What is expected
Using the entries below, write out the line with "From mathcomp Require Import ring lra.", the line with "cone F containing", and every line in between, exactly as each is written.

(The records begins)

(* Let $\mathcal{F}$ be a complete lattice cone of functions on a set $\Omega$ which contains all real constant functions. Let $p\in\mathcal{F}$ be real-valued and let $\xi\colon\mathbb{R}\to\mathbb{R}$ be convex and non-decreasing. Then $\xi\circ p\in\mathcal{F}$.
   Context: A complete lattice cone is a set of functions on $\Omega$ with values in $(-\infty,\infty]$, closed under nonnegative linear combinations and under pointwise suprema of arbitrary families. *)

From HB Require Import structures.
From mathcomp Require Import all_boot all_order all_algebra.
From mathcomp Require Import all_classical all_reals all_analysis.
Set Implicit Arguments. Unset Strict Implicit. Unset Printing Implicit Defensive.
Import Order.TTheory GRing.Theory Num.Theory.
Local Open Scope classical_set_scope.
Local Open Scope ring_scope.
Local Open Scope ereal_scope.

(* A complete lattice cone on Omega: a set of functions Omega -> (-oo, +oo]
   closed under nonnegative linear combinations (with 0 * +oo = 0, the
   convention of \bar R) and under pointwise suprema of arbitrary
   (nonempty) families. *)
Definition complete_lattice_cone (R : realType) (Omega : Type)
    (F : set (Omega -> \bar R)) : Prop :=
  [/\ (forall f, F f -> forall x, f x != -oo),
      F (fun _ => 0),
      (forall (f g : Omega -> \bar R) (a b : R), F f -> F g ->
          (0 <= a)%R -> (0 <= b)%R ->
          F (fun x => a%:E * f x + b%:E * g x)) &
      (forall G : set (Omega -> \bar R), G !=set0 -> G `<=` F ->
          F (fun x => ereal_sup [set g x | g in G]))].

From HB Require Import structures.
From mathcomp Require Import all_boot all_order all_algebra.
From mathcomp Require Import all_classical all_reals all_analysis.
From mathcomp Require Import ring lra.
Import Order.TTheory GRing.Theory Num.Theory.
Local Open Scope classical_set_scope.
Local Open Scope ring_scope.

(* A convex non-decreasing xi : R -> R is the pointwise supremum of the affine
   functions t |-> a * t + b with slope a >= 0 lying below it: at every point
   t0 a supporting line of slope sup of the left difference quotients touches
   the graph, and monotonicity makes that slope nonnegative.  Composing with p,
   xi o p is therefore the supremum of the family of functions a * p + b with
   (a, b) ranging over these affine minorants.  Each such function lies in a
   cone F containing p and the constants (it is the nonnegative combination
   a * p + 1 * b), and F is closed under arbitrary suprema, so xi o p is in F. *)

Section ConvexReal.
Context {R : realType}.
Variable xi : R -> R.
Hypothesis xi_convex : convex_function (R := R) (E := R^o) setT xi.

Lemma convex_chord {s t u} : s < t -> t < u ->
  (u - s) * xi t <= (u - t) * xi s + (t - s) * xi u.
Proof.
move=> st tu.
have us : 0 < u - s by lra.
have usn : u - s != 0 by rewrite gt_eqF.
have l0 : 0 <= (u - t) / (u - s) by apply: divr_ge0; lra.
have l1 : (u - t) / (u - s) <= 1 by rewrite ler_pdivrMr //; lra.
have := xi_convex (Itv01 l0 l1) s u (mem_set I) (mem_set I).
rewrite /= !convRE /=.
have -> : conv (Itv01 l0 l1) (s : convex_lmodType R^o) u = t.
  rewrite /conv /= /GRing.scale /=.
  change ((u - t) / (u - s) * s + (1 - (u - t) / (u - s)) * u = t :> R).
  by field.
rewrite /unstable.onem => /(ler_wpM2l (ltW us)).
suff -> : (u - s) * ((u - t) / (u - s) * xi s + (1 - (u - t) / (u - s)) * xi u)
   = (u - t) * xi s + (t - s) * xi u by [].
by field.
Qed.

Lemma convex_slope_le s t u : s < t -> t < u ->
  (xi t - xi s) / (t - s) <= (xi u - xi t) / (u - t).
Proof.
move=> st tu; have := convex_chord st tu.
have ts : 0 < t - s by lra.
have ut : 0 < u - t by lra.
rewrite ler_pdivrMr // mulrAC ler_pdivlMr // => chord.
nra.
Qed.

Hypothesis xi_nondecr : {homo xi : x y / x <= y}.

(* Supporting line at t0 with nonnegative slope: the slope is the supremum of
   the left difference quotients at t0, which are nonnegative by monotonicity
   and bounded above by every right difference quotient. *)
Lemma convex_support_line t0 :
  exists a, 0 <= a /\ forall t, xi t0 + a * (t - t0) <= xi t.
Proof.
pose L := [set (xi t0 - xi s) / (t0 - s) | s in [set s | s < t0]].
have right_ub u : t0 < u -> ubound L ((xi u - xi t0) / (u - t0)).
  by move=> t0u _ [s /= st <-]; exact: convex_slope_le.
have L1 : L ((xi t0 - xi (t0 - 1)) / (t0 - (t0 - 1))).
  by exists (t0 - 1) => //=; lra.
have supL : has_sup L.
  split; first by exists ((xi t0 - xi (t0 - 1)) / (t0 - (t0 - 1))).
  by exists ((xi (t0 + 1) - xi t0) / (t0 + 1 - t0)); apply: right_ub; lra.
exists (sup L); split.
  apply: le_trans (sup_upper_bound supL L1).
  by apply: divr_ge0; [rewrite subr_ge0; apply: xi_nondecr|]; lra.
move=> t; case: (ltgtP t t0) => [tt0|t0t|->]; last by rewrite subrr mulr0 addr0.
- have Lt : L ((xi t0 - xi t) / (t0 - t)) by exists t.
  have := sup_upper_bound supL Lt.
  rewrite ler_pdivrMr; [nra | lra].
- have := ge_sup (ex_intro _ _ L1) (right_ub t t0t).
  rewrite ler_pdivlMr; [nra | lra].
Qed.

Definition nonneg_affine_minorants : set (R * R) :=
  [set ab | 0 <= ab.1 /\ forall t, ab.1 * t + ab.2 <= xi t].

Lemma convex_nondecr_envelope t :
  (xi t)%:E =
  ereal_sup [set (ab.1 * t + ab.2)%:E | ab in nonneg_affine_minorants].
Proof.
apply: le_anti; apply/andP; split.
  have [a [a0 supp]] := convex_support_line t.
  apply: ereal_sup_ubound; exists (a, xi t - a * t); last by rewrite /= addrC subrK.
  by split => // s /=; have := supp s; lra.
by apply: ge_ereal_sup => _ [ab [_ below] <-]; rewrite lee_fin.
Qed.

End ConvexReal.

Lemma cone_nonneg_affine (R : realType) (Omega : Type)
    (F : set (Omega -> \bar R)) (p : Omega -> R) (a b : R) :
  complete_lattice_cone F -> (forall c : R, F (fun _ => c%:E)) ->
  F (fun x => (p x)%:E) -> 0 <= a -> F (fun x => (a * p x + b)%:E).
Proof.
case=> _ _ Flin _ Fconst Fp a0.
have := Flin _ _ a 1 Fp (Fconst b) a0 ler01.
by congr F; apply: funext => x; rewrite mul1e -EFinM -EFinD.
Qed.

Theorem mainTheorem6 (R : realType) (Omega : Type) (F : set (Omega -> \bar R))
  (p : Omega -> R) (xi : R -> R) :
  complete_lattice_cone F ->
  (forall c : R, F (fun _ => c%:E)) ->
  F (fun x => (p x)%:E) ->
  convex_function (R := R) (E := R^o) setT xi ->
  {homo xi : x y / x <= y} ->
  F (fun x => (xi (p x))%:E).
Proof.
move=> Fcone Fconst Fp xi_convex xi_nondecr.
pose M := nonneg_affine_minorants xi.
pose G := [set (fun x => (ab.1 * p x + ab.2)%:E) | ab in M].
have GF : G `<=` F.
  by move=> _ [ab [a0 _] <-]; exact: cone_nonneg_affine.
have G0 : G !=set0.
  have [a [a0 supp]] := convex_support_line xi xi_convex xi_nondecr 0.
  exists (fun x => (a * p x + xi 0)%:E), (a, xi 0) => //.
  by split => // t /=; have := supp t; rewrite subr0 addrC.
suff -> : (fun x => (xi (p x))%:E) = (fun x => ereal_sup [set g x | g in G]).
  by case: Fcone => _ _ _ Fsup; exact: Fsup.
apply: funext => x; rewrite (convex_nondecr_envelope xi xi_convex xi_nondecr).
by rewrite image_comp; congr (ereal_sup _); exact: eq_imagel.
Qed.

(The records ends)

The completed task
From mathcomp Require Import ring lra.
Import Order.TTheory GRing.Theory Num.Theory.
Local Open Scope classical_set_scope.
Local Open Scope ring_scope.

(* A convex non-decreasing xi : R -> R is the pointwise supremum of the affine
   functions t |-> a * t + b with slope a >= 0 lying below it: at every point
   t0 a supporting line of slope sup of the left difference quotients touches
   the graph, and monotonicity makes that slope nonnegative.  Composing with p,
   xi o p is therefore the supremum of the family of functions a * p + b with
   (a, b) ranging over these affine minorants.  Each such function lies in a
   cone F containing p and the constants (it is the nonnegative combination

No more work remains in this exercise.